Archetype Branding & Interpretation
Cluster 2: The Market Titans (High Utility, High Hype)

Members: SQL, Java, JavaScript, HTML, HTTP.

Interpretation: These are the infrastructure of the modern web and data world. They have the highest job counts and massive social visibility. They represent the "Safe Bets" for any developer or firm.

Cluster 0: The Modern Trendsetters (High Hype, Rising Utility)

Members: Kotlin, TypeScript, Solidity, Elixir.

Interpretation: These are "New-Era" languages. They have high GitHub engagement and are technically robust (captured by your Autoencoder). They are transitioning from "trendy" to "essential," particularly in mobile (Kotlin), web (TS), and Web3 (Solidity).

Cluster 1: Technical Specialists (Niche Utility)

Members: Node.js, Liquid, k-framework.

Interpretation: These represent specific ecosystems (e.g., Shopify’s Liquid or server-side JS). They aren't general-purpose "Titans," but they have dedicated professional pockets and specific technical DNA that the Autoencoder recognized.

Cluster 3: The Long-Tail / Speculative (Experimental)

Members: Remix, Quaint-lang, Preforth.

Interpretation: Even within the "Active" subset, these are languages with low professional demand but some social or technical activity. They represent the "Experimental" fringe of the ecosystem.

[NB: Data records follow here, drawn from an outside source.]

(* Let $p$ be an odd prime and $N=\mathbb Z_{p^2}$. Let $\Phi$ be the unique subgroup of order $p-1$ of the unit group $\mathbb Z_{p^2}^\times$, acting on $(\mathbb Z_{p^2},+)$ by multiplication. Let $M=\{p\}$, so that the orbit $p\Phi = p\mathbb Z_{p^2}\setminus\{0\}$ is the zero multiplier orbit, and let the remaining orbit representatives $R\setminus M$ be the elements of a coset $c+p\mathbb Z_{p^2}$ with $c$ a unit. With multiplication $a*b=0$ if $b\in p\mathbb Z_{p^2}$ and $a*b=a\phi_b$ otherwise (where $b=r_b\phi_b$, $r_b\in R\setminus M$, $\phi_b\in\Phi$), $(N,+,* )$ is a planar nearring and $D(N)=p\mathbb Z_{p^2}$; in particular all distributive elements are zero multipliers.
   Context: A (right) nearring $(N,+,* )$ is a set with a group $(N,+)$, a semigroup $(N,* )$, and right distributivity $(a+b)*c=a*c+b*c$. $N$ is planar if the relation $a\cong b$ ($x*a=x*b$ for all $x$) has at least $3$ classes and for all $a,b,c$ with $a\not\cong b$ the equation $x*a=x*b+c$ has a unique solution. Zero multipliers are the $n$ with $x*n=0$ for all $x$. $D(N)=\{n: n*(a+b)=n*a+n*b\ \forall a,b\}$. *)

From HB Require Import structures.
From mathcomp Require Import all_boot all_order all_algebra all_fingroup.
Set Implicit Arguments. Unset Strict Implicit. Unset Printing Implicit Defensive.
Import GRing.Theory.
Local Open Scope ring_scope.

Definition nearring (N : zmodType) (mul : N -> N -> N) : Prop :=
  associative mul /\ (forall a b c : N, mul (a + b) c = mul a c + mul b c).

Definition ncong (N : zmodType) (mul : N -> N -> N) (a b : N) : Prop :=
  forall x : N, mul x a = mul x b.

Definition planar (N : zmodType) (mul : N -> N -> N) : Prop :=
  (exists a b c : N, [/\ ~ ncong mul a b, ~ ncong mul a c & ~ ncong mul b c]) /\
  (forall a b c : N, ~ ncong mul a b -> exists! x : N, mul x a = mul x b + c).

Definition distrib_elt (N : zmodType) (mul : N -> N -> N) (n : N) : Prop :=
  forall a b : N, mul n (a + b) = mul n a + mul n b.

Definition zero_mult (N : zmodType) (mul : N -> N -> N) (n : N) : Prop :=
  forall x : N, mul x n = 0.

Definition in_pZ (p : nat) (x : 'Z_(p ^ 2)) : bool := (p %| (x : nat))%N.

(** phi_b: the element of Phi with b * phi^-1 in c + p Z_{p^2}
    (i.e. b = r_b phi_b with r_b in the coset c + pZ) *)
Definition phi_of (p : nat) (Phi : {set {unit 'Z_(p ^ 2)}}) (c b : 'Z_(p ^ 2))
  : 'Z_(p ^ 2) :=
  match [pick f in Phi | in_pZ (b / val f - c)] with
  | Some f => val f
  | None => 1
  end.

Definition Zmul (p : nat) (Phi : {set {unit 'Z_(p ^ 2)}}) (c : 'Z_(p ^ 2))
  (a b : 'Z_(p ^ 2)) : 'Z_(p ^ 2) :=
  if in_pZ b then 0 else a * phi_of Phi c b.

From HB Require Import structures.
From mathcomp Require Import all_boot all_order all_algebra all_fingroup.
From mathcomp Require Import cyclic zify.
Set Implicit Arguments. Unset Strict Implicit. Unset Printing Implicit Defensive.
Import GRing.Theory FinRing.Theory.
Local Open Scope ring_scope.

(* Reduction mod p restricts to a bijection from Phi onto the units of Z_p:
   an element of Phi that is 1 mod p has order dividing both p (since
   (1 + x)^p = 1 + p x = 1 for x in pZ) and |Phi| = p - 1, so it is 1; and an
   injection of p - 1 elements into p - 1 residues is onto.  Hence phi_b is the
   unique element of Phi congruent to b / c mod p, right multiplication by b is
   multiplication by phi_b or by 0, and phi_(b phi) = phi_b phi.  This gives
   associativity, and planarity because phi_a - phi_b is a unit whenever the
   multipliers differ.  An element n of pZ is distributive since
   n * x = n x / c.  A distributive unit n would make b |-> phi_b additive
   off pZ, forcing phi_(c k) = k, hence k in Phi, for 0 < k < p; then 2 and
   (p + 1)/2 lie in Phi, and so does their product p + 1, which is 1 mod p but
   not 1. *)

Section ModP.

Variable p : nat.
Hypothesis p_pr : prime p.
Local Notation Z := 'Z_(p ^ 2).

Lemma p2_gt1 : (1 < p ^ 2)%N.
Proof. by rewrite -(exp1n 2) ltn_exp2r ?prime_gt1. Qed.

Lemma in_pZ_natr (n : nat) : in_pZ (n%:R : Z) = (p %| n)%N.
Proof.
by rewrite /in_pZ val_Zp_nat ?p2_gt1 // /dvdn modn_dvdm // dvdn_exp.
Qed.

Lemma in_pZM (x y : Z) : in_pZ (x * y) = in_pZ x || in_pZ y.
Proof. by rewrite -[x]natr_Zp -[y]natr_Zp -natrM !in_pZ_natr Euclid_dvdM. Qed.

Lemma in_pZD (x y : Z) : in_pZ x -> in_pZ y -> in_pZ (x + y).
Proof. by rewrite -[x]natr_Zp -[y]natr_Zp -natrD !in_pZ_natr; apply: dvdn_add. Qed.

Lemma in_pZ0 : in_pZ (0 : Z).
Proof. exact: dvdn0. Qed.

Lemma in_pZ_charp : in_pZ (p%:R : Z).
Proof. by rewrite in_pZ_natr. Qed.

Lemma unitZ_in_pZ (x : Z) : (x \is a GRing.unit) = ~~ in_pZ x.
Proof.
by rewrite -{1}[x]natr_Zp unitZpE ?p2_gt1 // coprime_pexpl // prime_coprime.
Qed.

Lemma in_pZMr (x u : Z) : u \is a GRing.unit -> in_pZ (x * u) = in_pZ x.
Proof. by rewrite unitZ_in_pZ in_pZM => /negbTE ->; rewrite orbF. Qed.

Lemma in_pZN (x : Z) : in_pZ (- x) = in_pZ x.
Proof. by rewrite -mulrN1 in_pZMr ?unitrN ?unitr1. Qed.

Lemma in_pZ_subC (x y : Z) : in_pZ (x - y) = in_pZ (y - x).
Proof. by rewrite -in_pZN opprB. Qed.

Lemma in_pZ_subtrans (x y z : Z) :
  in_pZ (x - y) -> in_pZ (y - z) -> in_pZ (x - z).
Proof. by move=> hxy /(in_pZD hxy); rewrite addrA subrK. Qed.

Lemma in_pZ_mul0 (x y : Z) : in_pZ x -> in_pZ y -> x * y = 0.
Proof.
rewrite -[x]natr_Zp -[y]natr_Zp -natrM !in_pZ_natr => hx hy.
have /eqP hxy : (p ^ 2 %| x * y)%N.
  by apply: dvdn_trans (dvdn_mul hx hy); rewrite expnS expn1.
by rewrite -Zp_nat_mod ?p2_gt1 // hxy.
Qed.

Lemma in_pZ_subE (x y : Z) : in_pZ (x - y) = ((x : nat) == y %[mod p])%N.
Proof.
have {2}-> : x = ((y : nat) + ((x - y)%R : Z))%:R.
  by rewrite natrD !natr_Zp addrC subrK.
rewrite val_Zp_nat ?p2_gt1 // modn_dvdm ?dvdn_exp // /in_pZ /dvdn.
by rewrite -{2}[(y : nat)]addn0 eqn_modDl mod0n eq_sym.
Qed.

Lemma exp1pZ (x : Z) n : in_pZ x -> (1 + x) ^+ n = 1 + n%:R * x.
Proof.
move=> hx; elim: n => [|n IH]; first by rewrite expr0 mul0r addr0.
rewrite exprS IH mulrDl mul1r mulrDr mulr1 mulrCA (in_pZ_mul0 hx hx) mulr0.
by rewrite addr0 mulrSr mulrDl mul1r addrA.
Qed.

Lemma odd_prime_gt2 : odd p -> (2 < p)%N.
Proof. by move: (prime_gt1 p_pr); rewrite leq_eqVlt => /predU1P[<- | ]. Qed.

Lemma natr_p_neq0 : (p%:R : Z) != 0.
Proof.
have p_lt_p2 : (p < p ^ 2)%N by rewrite -{1}[p]expn1 ltn_exp2l ?prime_gt1.
by rewrite -(inj_eq val_inj) /= val_Zp_nat ?p2_gt1 // modn_small // -lt0n prime_gt0.
Qed.

Section Phi.

Variable Phi : {group {unit Z}}.
Hypothesis card_Phi : #|Phi| = (p - 1)%N.

Lemma Phi_inj_modp (f g : {unit Z}) : f \in Phi -> g \in Phi ->
  in_pZ (val f - val g) -> f = g.
Proof.
move=> fP gP hfg; set h := (f * g^-1)%g.
have hP : h \in Phi by rewrite groupM ?groupV.
have h1 : in_pZ (val h - 1).
  rewrite val_unitM val_unitV -(divrr (valP g)) -mulrBl in_pZMr //.
  by rewrite unitrV; apply: valP.
have hp : (h ^+ p = 1)%g.
  apply: val_inj; rewrite val_unitX val_unit1 -(subrK 1 (val h)) addrC exp1pZ //.
  by rewrite (in_pZ_mul0 in_pZ_charp h1) addr0.
have : (h ^+ (p - 1).+1 = 1)%g by rewrite subn1 prednK ?prime_gt0.
rewrite expgS -card_Phi expg_cardG // mulg1 => h_eq1.
by apply/eqP; rewrite eq_mulgV1 -/h h_eq1.
Qed.

Lemma Phi_surj_modp (u : Z) : u \is a GRing.unit ->
  exists2 f : {unit Z}, f \in Phi & in_pZ (val f - u).
Proof.
move=> hu; have p_gt0 := prime_gt0 p_pr.
pose r (x : Z) : 'I_p := Ordinal (ltn_pmod (x : nat) p_gt0).
pose i0 : 'I_p := Ordinal p_gt0.
have r_unit (x : Z) : x \is a GRing.unit -> r x != i0.
  rewrite unitZ_in_pZ; apply: contra => /eqP/(congr1 val) /= hx.
  by rewrite /in_pZ /dvdn hx.
pose rPhi := (fun f : {unit Z} => r (val f)) @: Phi.
have rPhiE : rPhi = [set~ i0].
  apply/eqP; rewrite eqEcard cardsC1 card_ord card_in_imset.
    rewrite card_Phi subn1 leqnn andbT.
    by apply/subsetP => _ /imsetP[f _ ->]; rewrite in_setC1 r_unit ?(valP f).
  move=> f g fP gP /(congr1 val) /= e.
  by apply: Phi_inj_modp; rewrite // in_pZ_subE; apply/eqP.
have : r u \in rPhi by rewrite rPhiE in_setC1 r_unit.
case/imsetP=> f fP /(congr1 val) /= e.
by exists f; rewrite // in_pZ_subE e.
Qed.

Variable c : Z.
Hypothesis c_unit : c \is a GRing.unit.

Lemma in_pZ_divC (b g : Z) : g \is a GRing.unit ->
  in_pZ (b / g - c) = in_pZ (g - b / c).
Proof.
move=> g_unit; rewrite -(in_pZMr (b / g - c) (_ : g / c \is a GRing.unit)).
  by rewrite in_pZ_subC mulrBl -!mulrA mulKr // mulrCA divrr // mulr1.
by rewrite unitrMl ?unitrV.
Qed.

Lemma phi_ofE (b : Z) (f : {unit Z}) : f \in Phi ->
  in_pZ (val f - b / c) -> phi_of Phi c b = val f.
Proof.
move=> fP hf; rewrite /phi_of; case: pickP => [g /andP[gP hg] | no_g].
  congr val; apply: Phi_inj_modp => //.
  rewrite in_pZ_divC ?(valP g) // in hg.
  by apply: in_pZ_subtrans hg _; rewrite in_pZ_subC.
by move: (no_g f); rewrite fP in_pZ_divC ?(valP f) ?hf.
Qed.

Lemma phi_ofP (b : Z) : ~~ in_pZ b -> exists2 f : {unit Z}, f \in Phi &
  phi_of Phi c b = val f /\ in_pZ (val f - b / c).
Proof.
move=> hb; have [|f fP hf] := @Phi_surj_modp (b / c).
  by rewrite unitrMl ?unitrV // unitZ_in_pZ.
by exists f => //; split; first exact: phi_ofE.
Qed.

Lemma phi_of_cM (f : {unit Z}) : f \in Phi -> phi_of Phi c (c * val f) = val f.
Proof.
by move=> fP; apply: phi_ofE; rewrite // mulrAC divrr // mul1r subrr in_pZ0.
Qed.

Lemma phi_of_c : phi_of Phi c c = 1.
Proof. by have := phi_of_cM (group1 Phi); rewrite val_unit1 mulr1. Qed.

Lemma phi_ofM (b : Z) (f : {unit Z}) : ~~ in_pZ b -> f \in Phi ->
  phi_of Phi c (b * val f) = phi_of Phi c b * val f.
Proof.
move=> hb fP; have [g gP [-> hg]] := phi_ofP hb.
rewrite -val_unitM; apply: phi_ofE; first by rewrite groupM.
by rewrite val_unitM mulrAC -mulrBl in_pZMr ?(valP f).
Qed.

Local Notation mul := (Zmul Phi c).

Lemma Zmul0 (x b : Z) : in_pZ b -> mul x b = 0.
Proof. by rewrite /Zmul => ->. Qed.

Lemma ZmulE (x b : Z) : ~~ in_pZ b -> mul x b = x * phi_of Phi c b.
Proof. by rewrite /Zmul => /negbTE ->. Qed.

Lemma Zmul_assoc : associative mul.
Proof.
move=> a b d; have [hd | hd] := boolP (in_pZ d).
  by rewrite !(Zmul0 _ hd) Zmul0 ?in_pZ0.
have [fd fdP [ed _]] := phi_ofP hd; rewrite !(ZmulE _ hd) ed.
have [hb | hb] := boolP (in_pZ b).
  by rewrite (Zmul0 _ hb) mul0r Zmul0 // in_pZM hb.
have hbd : ~~ in_pZ (b * val fd) by rewrite in_pZMr ?(valP fd).
by rewrite !ZmulE // phi_ofM // mulrA.
Qed.

Lemma Zmul_addl (a b d : Z) : mul (a + b) d = mul a d + mul b d.
Proof. by rewrite /Zmul; case: ifP => _; rewrite ?addr0 ?mulrDl. Qed.

Definition multiplier (B : Z) := B = 0 \/ exists2 f : {unit Z}, f \in Phi & B = val f.

Lemma ZmulP (b : Z) : exists2 B, multiplier B & forall x, mul x b = x * B.
Proof.
have [hb | hb] := boolP (in_pZ b).
  by exists 0; [left | move=> x; rewrite Zmul0 ?mulr0].
have [f fP [ef _]] := phi_ofP hb.
by exists (val f); [right; exists f | move=> x; rewrite ZmulE // ef].
Qed.

Lemma multiplier_sub_unit (A B : Z) : multiplier A -> multiplier B ->
  A != B -> A - B \is a GRing.unit.
Proof.
rewrite unitZ_in_pZ.
case=> [-> | [f fP ->]] [-> | [g gP ->]]; rewrite ?eqxx //.
- by rewrite add0r in_pZN -unitZ_in_pZ (valP g).
- by rewrite subr0 -unitZ_in_pZ (valP f).
- by apply: contra => /(Phi_inj_modp fP gP) ->.
Qed.

Lemma Zmul_planar_eq (a b d : Z) : ~ ncong mul a b ->
  exists! x : Z, mul x a = mul x b + d.
Proof.
move=> not_ab; have [A mA HA] := ZmulP a; have [B mB HB] := ZmulP b.
have AB_unit : A - B \is a GRing.unit.
  apply: multiplier_sub_unit => //; apply/eqP => eAB; apply: not_ab => x.
  by rewrite HA HB eAB.
have eq_solve x : (x * A = x * B + d) <-> (x = d / (A - B)).
  rewrite -[x * A](subrK (x * B)) -mulrBr addrC.
  by split=> [/addrI <- | ->]; rewrite ?mulrK ?divrK.
exists (d / (A - B)); split => [|x]; rewrite HA HB; first exact/eq_solve.
by move/eq_solve.
Qed.

Lemma Zmul_three_classes : (2 < p)%N ->
  exists a b d : Z, [/\ ~ ncong mul a b, ~ ncong mul a d & ~ ncong mul b d].
Proof.
move=> p_gt2; have /trivgPn[g gP g_neq1] : Phi :!=: 1%G.
  by rewrite -cardG_gt1 card_Phi; lia.
have hc : ~~ in_pZ c by rewrite -unitZ_in_pZ.
have hcg : ~~ in_pZ (c * val g) by rewrite in_pZMr ?(valP g).
exists 0, c, (c * val g); split => /(_ 1).
- by rewrite Zmul0 ?in_pZ0 // ZmulE // phi_of_c mul1r => /esym/eqP; rewrite oner_eq0.
- rewrite Zmul0 ?in_pZ0 // ZmulE // phi_of_cM // mul1r => g0.
  by move: (valP g); rewrite -g0 unitr0.
- rewrite ZmulE // ZmulE // phi_of_c phi_of_cM // !mul1r => g1.
  by move: g_neq1; rewrite -(inj_eq val_inj) val_unit1 -g1 eqxx.
Qed.

Lemma Zmul_pZl (n x : Z) : in_pZ n -> mul n x = n * x / c.
Proof.
move=> hn; have [hx | hx] := boolP (in_pZ x).
  by rewrite Zmul0 // (in_pZ_mul0 hn hx) mul0r.
have [f fP [ef hf]] := phi_ofP hx.
by apply/eqP; rewrite ZmulE // ef -subr_eq0 -mulrA -mulrBr (in_pZ_mul0 hn hf).
Qed.

Lemma distrib_elt_pZ (n : Z) : in_pZ n -> distrib_elt mul n.
Proof. by move=> hn a b; rewrite !Zmul_pZl // mulrDr mulrDl. Qed.

Lemma cnatr_notin_pZ (k : nat) : (0 < k < p)%N -> ~~ in_pZ (c * k%:R).
Proof.
case/andP=> k_gt0 k_ltp; rewrite in_pZM negb_or -unitZ_in_pZ c_unit in_pZ_natr.
by apply: contraTN k_ltp => /(dvdn_leq k_gt0); rewrite -leqNgt.
Qed.

Section DistributiveUnit.

Variable n : Z.
Hypotheses (n_unit : n \is a GRing.unit) (n_distr : distrib_elt mul n).

Lemma phi_ofD (a b : Z) : ~~ in_pZ a -> ~~ in_pZ b -> ~~ in_pZ (a + b) ->
  phi_of Phi c (a + b) = phi_of Phi c a + phi_of Phi c b.
Proof.
move=> ha hb hab; apply: (mulrI n_unit).
by have := n_distr a b; rewrite !ZmulE // mulrDr.
Qed.

Lemma phi_of_cnatr (k : nat) : (0 < k < p)%N -> phi_of Phi c (c * k%:R) = k%:R.
Proof.
elim: k => [// | [_ _ | k IH /andP[_ k_ltp]]]; first by rewrite mulr1 phi_of_c.
have hk : (0 < k.+1 < p)%N by rewrite /= ltnW.
have hk2 := @cnatr_notin_pZ k.+2 k_ltp.
rewrite mulrSr mulrDr mulr1 in hk2 *.
by rewrite phi_ofD ?IH ?phi_of_c ?cnatr_notin_pZ // -unitZ_in_pZ.
Qed.

Lemma natr_in_Phi (k : nat) : (0 < k < p)%N ->
  exists2 f : {unit Z}, f \in Phi & val f = k%:R.
Proof.
move=> hk; have [f fP [ef _]] := phi_ofP (cnatr_notin_pZ hk).
by exists f; rewrite // -ef phi_of_cnatr.
Qed.

End DistributiveUnit.

Lemma unit_not_distrib (n : Z) : odd p -> n \is a GRing.unit -> ~ distrib_elt mul n.
Proof.
move=> p_odd n_unit n_distr.
have p_gt2 := odd_prime_gt2 p_odd.
pose m := p.+1./2.
have m2E : (m * 2 = p.+1)%N by rewrite muln2 -[RHS](odd_double_half p.+1) /= p_odd.
have [f2 f2P f2E] := @natr_in_Phi n n_unit n_distr 2 p_gt2.
have [|fm fmP fmE] := @natr_in_Phi n n_unit n_distr m; first lia.
have fmf2E : val (fm * f2)%g = 1 + p%:R by rewrite val_unitM fmE f2E -natrM m2E mulrS.
have /(congr1 val) : (fm * f2 = 1)%g.
  by apply: Phi_inj_modp; rewrite ?groupM // fmf2E val_unit1 addrC addKr in_pZ_charp.
rewrite fmf2E val_unit1 => /(canRL (addKr 1)); rewrite addNr => /eqP.
by rewrite (negbTE natr_p_neq0).
Qed.

Lemma distrib_eltE (n : Z) : odd p -> distrib_elt mul n <-> in_pZ n.
Proof.
move=> p_odd; split; last exact: distrib_elt_pZ.
have [// | n_nunit /(unit_not_distrib p_odd) []] := boolP (in_pZ n).
by rewrite unitZ_in_pZ.
Qed.

End Phi.
End ModP.

Unset Implicit Arguments.

Theorem mainTheorem13 (p : nat) (Phi : {group {unit 'Z_(p ^ 2)}})
    (c : 'Z_(p ^ 2)) :
  prime p -> odd p -> #|Phi| = (p - 1)%N -> c \is a GRing.unit ->
  [/\ nearring (Zmul Phi c),
      planar (Zmul Phi c),
      (forall n : 'Z_(p ^ 2), distrib_elt (Zmul Phi c) n <-> in_pZ n)
    & (forall n : 'Z_(p ^ 2), distrib_elt (Zmul Phi c) n -> zero_mult (Zmul Phi c) n)].
Proof.
move=> p_pr p_odd card_Phi c_unit.
have distrE n := distrib_eltE p_pr card_Phi c_unit n p_odd.
split=> [|| n | n /distrE n_pZ x].
- by split; [apply: Zmul_assoc | apply: Zmul_addl].
- split; last exact: Zmul_planar_eq.
  exact/Zmul_three_classes/odd_prime_gt2.
- exact: distrE.
- exact: Zmul0.
Qed.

Refined Problem Statement and Reflection

Challenge: My original analysis was hindered by 97% zero-job data and linear models (PCA) that couldn't distinguish between "Famous" and "Useful" languages.

Action: I narrowed the scope to 953 "Active Market" languages and implemented a Deep Learning Autoencoder to extract the "Latent DNA" of the ecosystem.

Reflection: The Autoencoder revealed that technical structure is a major predictor of archetype. While Cluster 2 (Titans) is obvious, Cluster 0 (Modern Trendsetters) is the most valuable discovery. These languages (like Kotlin and Solidity) have the technical foundation of Titans but are still in their growth phase.

Business Value: This model allows stakeholders to look past "Hype" and see which technologies have the technical robustness to provide long-term professional stability.